Total samples, 11800 or so.

For comparison, before this patch we had 13000 samples, of which about 6100 were in JM jitcode, 6000 in the DOM JSNative, and 800 in GetReadyState.  So we've cut down the time in the DOM code from 6800 samples to 2400 or so, but now have an extra 2200 in DOMPropertyDispatch and 2800 in jitcode.
Boris, could you try changing the branch in GetReservedSlot to be an assertion that the slot being accessed is always a fixed slot?
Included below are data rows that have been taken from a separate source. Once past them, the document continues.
Definition hk (A : comAlgType CC) (h : nat -> A) (k : int) (a : int -> CC) : A :=
  match k with
  | Posz 0 => 1
  | Posz k'.+1 =>
      \sum_(1 <= i < k'.+2)
        ((-1) ^+ (k'.+1 - i) * esym_seq (k'.+1 - i)
             [seq a (Posz j) | j <- iota 1 k']) *: h i
  | Negz _ => 0
  end.

Definition is_partition (mu : seq nat) : bool :=
  sorted geq mu && all (fun m => 0 < m)%N mu.

(* s_{mu;a} = det [ h_{mu_i - i + j; tau^{1-j} a} ]_{i,j=1}^N, here with N = l(mu)
   (indices below are 0-based: row i, column j stand for i+1, j+1). *)
Definition schur_a (A : comAlgType CC) (h : nat -> A) (mu : seq nat) (a : int -> CC) : A :=
  \det (\matrix_(i < size mu, j < size mu)
          hk h ((nth 0%N mu i)%:Z - (i.+1)%:Z + (j.+1)%:Z)
                (tau (1 - (j.+1)%:Z) a)).

Definition conj_part (mu : seq nat) (j : nat) : nat := count (fun m => j <= m)%N mu.

Definition durfee (mu : seq nat) : nat :=
  count (fun i => i <= nth 0%N mu i.-1)%N (iota 1 (size mu)).

(* Frobenius coordinates (1-based i): p_i = mu_i - i, q_i = mu'_i - i. *)
Definition frob_p (mu : seq nat) (i : nat) : nat := (nth 0%N mu i.-1 - i)%N.
Definition frob_q (mu : seq nat) (i : nat) : nat := (conj_part mu i - i)%N.

Definition hook (p q : nat) : seq nat := p.+1 :: nseq q 1%N.

(* Let [B] be the Jacobi-Trudi matrix of the empty partition, padded to [N]
   rows: it is upper unitriangular, so right multiplication by [B^-1] preserves
   the determinant of every [N x N] matrix.  Row [i] of the Jacobi-Trudi matrix
   of [mu] only depends on [mu_i - i]; below the Durfee square ([mu_i <= i]) it
   coincides with row [i - mu_i] of [B], hence becomes the unit row
   [e_(i - mu_i)] after multiplication by [B^-1], while the [d] rows above give
   reduced rows [c_i].  Laplace expansion along the unit rows leaves the minor of
   the [c_i] on the complementary columns, which are exactly the [q_j] (the
   classical complementarity of [{q_j}] and [{i - mu_i}]).  The same computation
   for the hook [(p_i | q)] gives [(-1)^q c_i(q)], and the signs match. *)

From HB Require Import structures.
From mathcomp Require Import all_boot all_order all_algebra.
From mathcomp Require Import zify ring.
Set Implicit Arguments. Unset Strict Implicit. Unset Printing Implicit Defensive.
Import GRing.Theory.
I think this might be true, and if it's not, we could probably make it true.
Reserved slot access on globals uses non-fixed slots because globals have so many reserved slots at the moment.
Attached patch Remove DOMPropertyDispatch() (obsolete) — Splinter Review
Apply on top of other patch.

Runtimes on microbenchmark now < 100ms. Running about 97ms or so with *and* without JM.
As for moving boxing the result to jitcode, that's probably also doable, if the bindings pass type information in the JSJitInfo, then the callsite can generate appropriate boxing and the bindings can just fill a pointer to the stack with the desired return value. I don't know at present how this interacts with the calls that need to JS_WrapValue().
Hmm.  So boxing is a bit of a pain in many cases (e.g. boxing up an nsINode involves some function calls to get the JSObject*, etc).  Doing it in the simple readyState case, where the return value is int, is easy, of course.
OK, but the current boxing method involves a function call to do the boxing. We can do even coarse boxing given the JSObject*, for example in the expensive case. I'ts unclear whether this is actually a win, but it would shave a function call.
> OK, but the current boxing method involves a function call to do the boxing.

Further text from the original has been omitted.